The Rangers clearly have one of the best systems in baseball, as the high rankings keep rolling in going into the season.

A day after The Athletic released its Major League Baseball system rankings, ESPN did the same thing. How much did the Texas Rangers’ rankings differ?

Honestly? Not much. While The Athletic had the Rangers at No. 7 overall, ESPN had the Rangers at No. 8.

ESPN used a system created at FanGraphs that used a formula to reveal empirical surplus dollar values for each future value tier of prospect.

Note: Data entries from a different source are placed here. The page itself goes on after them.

(* Let $W$ be a periodic infinite word with a period of length $N$ (i.e. $W=uuu\cdots$ with $|u|=N$). Then every Rauzy scheme for $W$ has scale strictly less than $N$.
   Context: $u\sqsubseteq w$: $u$ is a factor of $w$; $u\sqsubseteq_k w$: $u$ occurs in $w$ at least $k$ times. A graph with words is a strongly connected finite directed graph (multiple edges and loops allowed) in which every edge $e$ carries a front word $F(e)$ and a back word $B(e)$, and every vertex either has in-degree $1$ and out-degree $>1$ (distributing vertex) or in-degree $>1$ and out-degree $1$ (collecting vertex). A path is a finite nonempty sequence of edges $v_1\dots v_n$ with each $v_{i+1}$ starting where $v_i$ ends; subpaths and $s_1\sqsubseteq_k s_2$ are defined via edge records. A path is symmetric if its first edge starts at a collecting vertex and its last edge ends at a distributing vertex. For $s=v_1\dots v_n$, $F(s)$ is the concatenation, in order, of the front words of $v_1$ and of all $v_i$ ($i\ge2$) starting at a distributing vertex; $B(s)$ is the concatenation, in order, of the back words of all $v_i$ ($i\le n-1$) ending at a collecting vertex and of $v_n$. A Rauzy scheme for $W$ is a graph with words such that: (1) it has more than one edge; (2) front words of edges leaving a common distributing vertex have pairwise distinct first letters, and back words of edges entering a common collecting vertex have pairwise distinct last letters; (3) $F(s)=B(s)$ for every symmetric path $s$; (4) for symmetric paths $s_1,s_2$ and $k\ge1$, $F(s_1)\sqsubseteq_k F(s_2)$ implies $s_1\sqsubseteq_k s_2$; (5) all words on edges are factors of $W$; (6) every factor of $W$ is a factor of $F(s)$ for some symmetric path $s$; (7) for every edge $e$ there is a factor $u_e$ of $W$ such that every symmetric path $s$ with $u_e\sqsubseteq F(s)$ passes through $e$. A support edge is an edge from a collecting vertex to a distributing vertex; the scale of $S$ is the minimum of $|F(v)|$ over support edges $v$. *)

From mathcomp Require Import all_boot.
Set Implicit Arguments. Unset Strict Implicit. Unset Printing Implicit Defensive.
Lemma simD_card i E : simD i E = s * #|E|%:R + (1 - s) * (i \in E)%:R.
Proof.
rewrite /simD; case: (boolP (i \in E)) => iE.
  rewrite (big_setD1 i iE) /= /sim eqxx (cardsD1 i E) iE add1n (eq_bigr (fun=> s)).
    by rewrite sumr_const -[s *+ _]mulr_natr -add1n natrD; ring.
  by move=> j; rewrite !inE => /andP[/negbTE ji _]; rewrite eq_sym ji.
rewrite (eq_bigr (fun=> s)); first by rewrite sumr_const -[s *+ _]mulr_natr mulr0 addr0.
by move=> j jE; rewrite /sim; case: eqP => // ij; rewrite ij jE in iE.
Qed.

Lemma simD_ge0 i E : 0 <= simD i E.
Proof. by rewrite simD_card addr_ge0 ?mulr_ge0 ?subr_ge0 // ltW. Qed.

Lemma simD_le_mass i E : simD i E <= mass.
Proof.
rewrite simD_card /mass lerD //.
  by rewrite ler_pM2l // ler_nat (leq_trans (max_card _)) ?card_ord.
by rewrite ler_piMr ?subr_ge0 // lern1 leq_b1.
Qed.

Lemma simD_subset i (E E' : {set 'I_N}) : E \subset E' -> simD i E <= simD i E'.
Proof.
move=> sub; rewrite !simD_card lerD //.
  by rewrite ler_pM2l // ler_nat subset_leq_card.
apply: ler_wpM2l; first by rewrite subr_ge0.
by rewrite ler_nat; case: (boolP (i \in E)) => // /(subsetP sub) ->.
Qed.

Lemma simD_setC i E : simD i (~: E) = mass - simD i E.
Proof.
have card_setC : #|~: E|%:R = N%:R - #|E|%:R :> R.
  have := cardsC E; rewrite card_ord => cardE.
  by apply/eqP; rewrite eq_sym subr_eq -natrD addnC cardE.
by rewrite !simD_card /mass inE card_setC; case: (i \in E) => /=; ring.
Qed.

Definition well_posed (vH sp : R) :=
  [/\ sp < 1, vL < vH & forall i, Hi i < vL \/ vL < Hi i <= vH].

Section Model.
Variables (vH sp : R).
Hypothesis model : well_posed vH sp.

The Rangers system had a dollar value of $230.5 million. While the Rangers’ overall dollar value fell from last year’s $250 million, the organization as a whole rose two spots from No. 10.

Per ESPN.com:

The Rangers are fascinating because they seem to be the only organization building a contender this way. Their system has been among the deepest in terms of pure prospects for years, developing some higher variance players into top 100 quality of late while continuing to add to the depth. The Rangers haven't traded away many prospects because their big league focus has been getting better almost entirely through spending unprecedented amounts in free agency right as these prospects start to show up. GM Chris Young has taken over the reins from Jon Daniels, and they're approaching the first CBT threshold as a playoff contender with a top-10 system. I think this is working, but 2023 should give a much clearer signal.

In the past couple of weeks, individual players have been honored as Top 100 prospects by ESPN and by MLB.com.

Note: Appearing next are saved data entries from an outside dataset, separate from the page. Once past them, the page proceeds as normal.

(* Let $b,\beta,\gamma$ be real with $\beta>0$ and $0<b+1<\gamma<b+1+\beta$, and for $0\le v<1$ let $$K(v)=\frac{F(b,\beta;\gamma;v)}{F(b+1,\beta;\gamma;v)}.$$ Then: (i) $K(0)=1$; (ii) $\lim_{v\to1}K(v)=0$; (iii) if $b\ge0$, or if $-1<b<0$ and $\gamma\ge\beta$, then $K$ is monotone decreasing; (iv) if $-1<b<0$ and $\gamma<\beta$, then the minimum of $K$ is a negative value and $K(v)$ approaches $0$ from below as $v\to1$; moreover $\inf_{0\le v<1}K(v)\ge b/(b+1)$.
   Context: $F(\alpha,\beta;\gamma;z)=1+\sum_{i\ge1}\frac{(\alpha)_i(\beta)_i}{(\gamma)_i}\frac{z^i}{i!}$ is the Gauss hypergeometric function, with $(\alpha)_i=\alpha(\alpha+1)\cdots(\alpha+i-1)$, for $|z|<1$. *)

From Stdlib Require Import Reals Factorial.
From Coquelicot Require Import Coquelicot.
Open Scope R_scope.

Fixpoint poch (a : R) (n : nat) : R :=
  match n with
  | O => 1
  | S k => poch a k * (a + INR k)
  end.

Definition hyp_coef (al be ga : R) (n : nat) : R :=
  poch al n * poch be n / (poch ga n * INR (Factorial.fact n)).

(* Gauss hypergeometric function F(al,be;ga;z), meaningful for |z| < 1. *)
Definition hyp2F1 (al be ga z : R) : R := PSeries (hyp_coef al be ga) z.

Definition Kfun (b be ga v : R) : R :=
  hyp2F1 b be ga v / hyp2F1 (b + 1) be ga v.

From Stdlib Require Import Reals Lra Lia Classical.
From Coquelicot Require Import Coquelicot.
Open Scope R_scope.

(* Write a_n, p_n for the coefficients of F(b,be;ga;.) and F(b+1,be;ga;.), so that
   K = A/P with A, P their sums.  Then a_n (b+n) = b p_n, and the contiguous relation
   F(b,be;ga;v) = F(b+1,be;ga;v) - (be/ga) v F(b+1,be+1;ga+1;v) holds.  If c_n/d_n is
   nonincreasing, the partial sums obey a Chebyshev-type inequality that makes C/D
   nonincreasing on [0,1); this applies to a_n/p_n when b >= 0, and, through the
   contiguous relation, to the ratio of p_n to the coefficients of F(b+1,be+1;ga+1)
   when be <= ga.  Since ga < b+1+be, (n+1) p_n is eventually nondecreasing, so
   sum p_n diverges and P(v) -> oo as v -> 1, while a_n = o(p_n); an Abelian argument
   gives K -> 0.  When b < 0 and ga < be, some partial sum of the a_n is negative and
   all later a_n are negative, so A, hence K, is negative near 1, and a continuous
   function on [0,1) that is negative somewhere and tends to 0 attains a negative
   minimum.  Finally a_n >= b/(b+1) p_n coefficientwise when b <= 0. *)

Lemma poch_pos a n : 0 < a -> 0 < poch a n.
Proof.
  intros Ha; induction n as [|n IH]; simpl; [lra|].
  pose proof (pos_INR n); apply Rmult_lt_0_compat; lra.
Qed.

Lemma poch_shift a n : poch a n * (a + INR n) = a * poch (a + 1) n.
Proof.
  induction n as [|n IH]; simpl poch; [simpl; ring|].
  rewrite S_INR, <- Rmult_assoc, IH; ring.
Qed.

Lemma hyp_coef_0 al be ga : hyp_coef al be ga 0 = 1.
Proof. unfold hyp_coef; simpl; field. Qed.

Lemma hyp_coef_S al be ga n : 0 < ga ->
  hyp_coef al be ga (S n) =
  hyp_coef al be ga n * ((al + INR n) * (be + INR n) / ((ga + INR n) * (INR n + 1))).
Proof.
  intros Hga; unfold hyp_coef; simpl poch.
  rewrite fact_simpl, mult_INR, S_INR.
  pose proof (poch_pos ga n Hga); pose proof (pos_INR n); pose proof (INR_fact_neq_0 n).
  field; repeat split; lra.
Qed.

Lemma hyp_coef_pos al be ga n : 0 < al -> 0 < be -> 0 < ga -> 0 < hyp_coef al be ga n.
Proof.
  intros Hal Hbe Hga; unfold hyp_coef.
  pose proof (poch_pos al n Hal); pose proof (poch_pos be n Hbe).
  pose proof (poch_pos ga n Hga); pose proof (INR_fact_lt_0 n).
  apply Rdiv_lt_0_compat; apply Rmult_lt_0_compat; assumption.
Qed.

Lemma hyp_coef_shift_lower al be ga n :
  hyp_coef al be ga n * (al + INR n) = al * hyp_coef (al + 1) be ga n.
Proof.
  unfold hyp_coef, Rdiv.
  transitivity (al * poch (al + 1) n * poch be n * / (poch ga n * INR (Factorial.fact n)));
    [rewrite <- poch_shift | ]; ring.
Qed.

Lemma hyp_coef_shift_upper al be ga n : 0 < be -> 0 < ga ->
  hyp_coef al be ga n * (be + INR n) / (ga + INR n) =
  be / ga * hyp_coef al (be + 1) (ga + 1) n.
Proof.
  intros Hbe Hga; unfold hyp_coef.
  assert (Hb : poch (be + 1) n = poch be n * (be + INR n) / be)
    by (rewrite poch_shift; field; lra).
  assert (Hg : poch (ga + 1) n = poch ga n * (ga + INR n) / ga)
    by (rewrite poch_shift; field; lra).
  rewrite Hb, Hg.
  pose proof (poch_pos ga n Hga); pose proof (pos_INR n); pose proof (INR_fact_neq_0 n).
  field; repeat split; lra.
Qed.

Lemma is_lim_seq_shift_ratio c d : 0 < d -> is_lim_seq (fun n => (c + INR n) / (d + INR n)) 1.
Proof.
  intros Hd.
  apply is_lim_seq_ext with (fun n => 1 + (c - d) * / (d + INR n)).
  { intros n; pose proof (pos_INR n); field; lra. }
  replace (Finite 1) with (Finite (1 + (c - d) * 0)) by (f_equal; ring).
  apply is_lim_seq_plus'; [apply is_lim_seq_const|].
  apply is_lim_seq_mult'; [apply is_lim_seq_const|].
  replace (Finite 0) with (Rbar_inv p_infty) by reflexivity.
  apply is_lim_seq_inv; [|discriminate].
  eapply is_lim_seq_plus; [apply is_lim_seq_const | apply is_lim_seq_INR | constructor].
Qed.

Lemma CV_radius_hyp_coef al be ga : 0 < al -> 0 < be -> 0 < ga ->
  CV_radius (hyp_coef al be ga) = 1.
Proof.
  intros Hal Hbe Hga; rewrite <- Rinv_1.
  apply CV_radius_finite_DAlembert; [| lra |].
  { intros n; apply Rgt_not_eq, hyp_coef_pos; assumption. }
  apply is_lim_seq_ext with
    (fun n => (al + INR n) / (1 + INR n) * ((be + INR n) / (ga + INR n))).
  { intros n; pose proof (hyp_coef_pos al be ga n Hal Hbe Hga); pose proof (pos_INR n).
    rewrite hyp_coef_S by assumption.
    rewrite Rabs_pos_eq.
    - field; repeat split; lra.
    - apply Rlt_le, Rdiv_lt_0_compat; [|assumption].
      apply Rmult_lt_0_compat; [assumption|].
      apply Rdiv_lt_0_compat; apply Rmult_lt_0_compat; lra. }
  replace (Finite 1) with (Finite (1 * 1)) by (f_equal; ring).
  apply is_lim_seq_mult'; apply is_lim_seq_shift_ratio; lra.
Qed.

Definition psum (c : nat -> R) (x : R) (N : nat) : R :=
  sum_f_R0 (fun n => c n * x ^ n) N.

Lemma psum_S c x N : psum c x (S N) = psum c x N + c (S N) * x ^ S N.
Proof. reflexivity. Qed.

Lemma is_lim_seq_psum c x : ex_pseries c x -> is_lim_seq (psum c x) (PSeries c x).
Proof.
  intros Hc; apply is_lim_seq_ext with (sum_n (fun k => scal (pow_n x k) (c k))).
  - intros N; rewrite sum_n_Reals; apply sum_eq; intros n _.
    rewrite pow_n_pow; apply Rmult_comm.
  - apply PSeries_correct, Hc.
Qed.

Lemma psum_le_PSeries c x N : (forall n, 0 <= c n) -> 0 <= x -> ex_pseries c x ->
  psum c x N <= PSeries c x.
Proof.
  intros Hc Hx Hex; apply is_lim_seq_incr_compare; [apply is_lim_seq_psum, Hex|].
  intros n; rewrite psum_S.
  assert (0 <= c (S n) * x ^ S n) by (apply Rmult_le_pos; [|apply pow_le]; auto).
  lra.
Qed.

Lemma PSeries_ge_first c x : (forall n, 0 <= c n) -> 0 <= x -> ex_pseries c x ->
  c 0%nat <= PSeries c x.
Proof.
  intros Hc Hx Hex; pose proof (psum_le_PSeries c x 0 Hc Hx Hex).
  unfold psum in *; simpl in *; lra.
Qed.

Lemma PSeries_le_psum c x N : (forall n, (N < n)%nat -> c n <= 0) -> 0 <= x ->
  ex_pseries c x -> PSeries c x <= psum c x N.
Proof.
  intros Hc Hx Hex.
  apply (is_lim_seq_decr_compare (fun k => psum c x (k + N)) _) with (n := 0%nat).
  - apply (is_lim_seq_incr_n (psum c x) N), is_lim_seq_psum, Hex.
  - intros k; change (S k + N)%nat with (S (k + N)); rewrite psum_S.
    assert (c (S (k + N)) * x ^ S (k + N) <= 0).
    { pose proof (Hc (S (k + N)) ltac:(lia)); pose proof (pow_le x (S (k + N)) Hx); nra. }
    lra.
Qed.

Lemma filterlim_psum_at_1 c N :
  filterlim (fun x => psum c x N) (locally 1) (locally (sum_f_R0 c N)).
Proof.
  replace (sum_f_R0 c N) with (psum c 1 N)
    by (apply sum_eq; intros; rewrite pow1; ring).
  apply (continuity_pt_filterlim (fun x => psum c x N)).
  apply derivable_continuous_pt, derivable_pt_finite_sum.
Qed.

Lemma at_left_1_unit_interval : at_left 1 (fun x => 0 <= x < 1).
Proof.
  exists (mkposreal 1 Rlt_0_1); intros y Hy Hy1.
  change (Rabs (y - 1) < 1) in Hy; apply Rabs_def2 in Hy; lra.
Qed.

Lemma at_left_1_ex (P : R -> Prop) : at_left 1 P -> exists x, 0 <= x < 1 /\ P x.
Proof.
  intros HP; destruct (filter_ex _ (filter_and _ _ HP at_left_1_unit_interval)) as [x [Hx H01]].
  exists x; split; assumption.
Qed.

Lemma filterlim_at_left_of_lt {T} (F : (T -> Prop) -> Prop) {FF : Filter F}
  (f : T -> R) l :
  filterlim f F (locally l) -> F (fun x => f x < l) -> filterlim f F (at_left l).
Proof.
  intros Hf Hlt P HP; unfold filtermap.
  apply (filter_imp (fun x => (fun y => y < l -> P y) (f x) /\ f x < l)).
  - intros x [H1 H2]; exact (H1 H2).
  - apply filter_and; [exact (Hf _ HP) | exact Hlt].
Qed.

Lemma pow_cross_le u v k m : 0 <= u <= v -> (k < m)%nat -> u ^ m * v ^ k <= v ^ m * u ^ k.
Proof.
  intros Huv Hkm; replace m with (k + (m - k))%nat by lia; rewrite !pow_add.
  assert (u ^ (m - k) <= v ^ (m - k)) by (apply pow_incr; lra).
  assert (0 <= u ^ k * v ^ k) by (apply Rmult_le_pos; apply pow_le; lra).
  nra.
Qed.

Lemma PSeries_cross_le (c d : nat -> R) u v :
  0 <= u -> u < v -> ex_pseries c u -> ex_pseries c v -> ex_pseries d u -> ex_pseries d v ->
  (forall k m, (k < m)%nat -> c m * d k <= c k * d m) ->
  PSeries c v * PSeries d u - PSeries c u * PSeries d v
    <= (c 1%nat * d 0%nat - c 0%nat * d 1%nat) * (v - u).
Proof.
  intros Hu Huv Hcu Hcv Hdu Hdv Hcd.
  set (D := fun N => psum c v N * psum d u N - psum c u N * psum d v N).
  assert (HD : forall N, D (S N) <= D N).
  { intros N.
    set (t := fun k => (c (S N) * d k - c k * d (S N)) * (v ^ S N * u ^ k - u ^ S N * v ^ k)).
    assert (Ht : forall K, sum_f_R0 t K =
      c (S N) * v ^ S N * psum d u K - c (S N) * u ^ S N * psum d v K
      - d (S N) * v ^ S N * psum c u K + d (S N) * u ^ S N * psum c v K).
    { induction K as [|K IH]; [unfold t, psum; simpl; ring|].
      rewrite tech5, IH, !psum_S; unfold t; ring. }
    assert (Hneg : sum_f_R0 t N <= 0).
    { rewrite <- (Rmult_0_l (INR (S N))), <- sum_cte; apply sum_Rle; intros k Hk.
      assert (c (S N) * d k - c k * d (S N) <= 0) by (pose proof (Hcd k (S N) ltac:(lia)); lra).
      assert (0 <= v ^ S N * u ^ k - u ^ S N * v ^ k)
        by (pose proof (pow_cross_le u v k (S N) ltac:(lra) ltac:(lia)); lra).
      unfold t; nra. }
    enough (D (S N) - D N = sum_f_R0 t N) by lra.
    unfold D; rewrite Ht, !psum_S; ring. }
  replace ((c 1%nat * d 0%nat - c 0%nat * d 1%nat) * (v - u)) with (D 1%nat)
    by (unfold D, psum; simpl; ring).
  apply (is_lim_seq_decr_compare (fun N => D (S N))) with (n := 0%nat); [|intros; apply HD].
  apply (is_lim_seq_incr_1 D); unfold D.
  apply is_lim_seq_minus'; apply is_lim_seq_mult'; apply is_lim_seq_psum; assumption.
Qed.

Lemma Rdiv_lt_cross x y u v : 0 < u -> 0 < v -> x * u < y * v -> x / v < y / u.
Proof.
  intros Hu Hv H; apply Rminus_lt_0.
  replace (y / u - x / v) with ((y * v - x * u) / (u * v)) by (field; lra).
  apply Rdiv_lt_0_compat; nra.
Qed.

Lemma PSeries_ratio_lt c d u v : 0 <= u -> u < v ->
  ex_pseries c u -> ex_pseries c v -> ex_pseries d u -> ex_pseries d v ->
  0 < PSeries d u -> 0 < PSeries d v ->
  (forall k m, (k < m)%nat -> c m * d k <= c k * d m) -> c 1%nat * d 0%nat < c 0%nat * d 1%nat ->
  PSeries c v / PSeries d v < PSeries c u / PSeries d u.
Proof.
  intros Hu Huv Hcu Hcv Hdu Hdv Hpu Hpv Hcd H01.
  pose proof (PSeries_cross_le c d u v Hu Huv Hcu Hcv Hdu Hdv Hcd).
  apply Rdiv_lt_cross; [assumption | assumption | nra].
Qed.

Lemma sum_f_R0_le_of_vanishing (e : nat -> R) N M :
  (forall n, 0 <= e n) -> (forall n, (N < n)%nat -> e n = 0) ->
  sum_f_R0 e M <= sum_f_R0 e N.
Proof.
  intros He He0; destruct (Compare_dec.lt_eq_lt_dec M N) as [[HMN | ->] | HNM].
  - rewrite (tech2 e M N HMN).
    assert (0 <= sum_f_R0 (fun i => e (S M + i)%nat) (N - S M))
      by (apply cond_pos_sum; intros; apply He).
    lra.
  - lra.
  - rewrite (tech2 e N M HNM), (sum_eq_R0 _ (M - S N)); [lra|].
    intros n _; apply He0; lia.
Qed.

ESPN.com ranked three Rangers prospects among its Top 100. Those Rangers were outfielder Evan Carter, third baseman Josh Jung and pitcher Owen White.

Jung made his Major League debut last year and the Rangers expect him to be their starting third baseman.

MLB.com unveiled its Top 100 prospect list last week. That list included Carter, Jung and White, along with infielder Luisangel Acuña, pitcher Jack Leiter and pitcher Brock Porter.

Jung, White, and Acuña are on the 40-man roster and will be in Surprise when Spring Training begins later this month. Carter and Leiter are non-roster invitees to Major League camp, while Porter is headed for minor-league camp.

Pitchers and catchers report for Spring Training to the team’s facility in Surprise, Ariz., on Feb. 15, with position players to follow by Feb. 20.

The Spring Training game schedule starts on Feb. 24 with a game against Kansas City at the Surprise complex shared with the Royals.

The Rangers wrap up their exhibition season with a pair of games at Globe Life Field against the Royals on March 27 and 28. The Rangers open up the regular season at home against Philadelphia on March 30.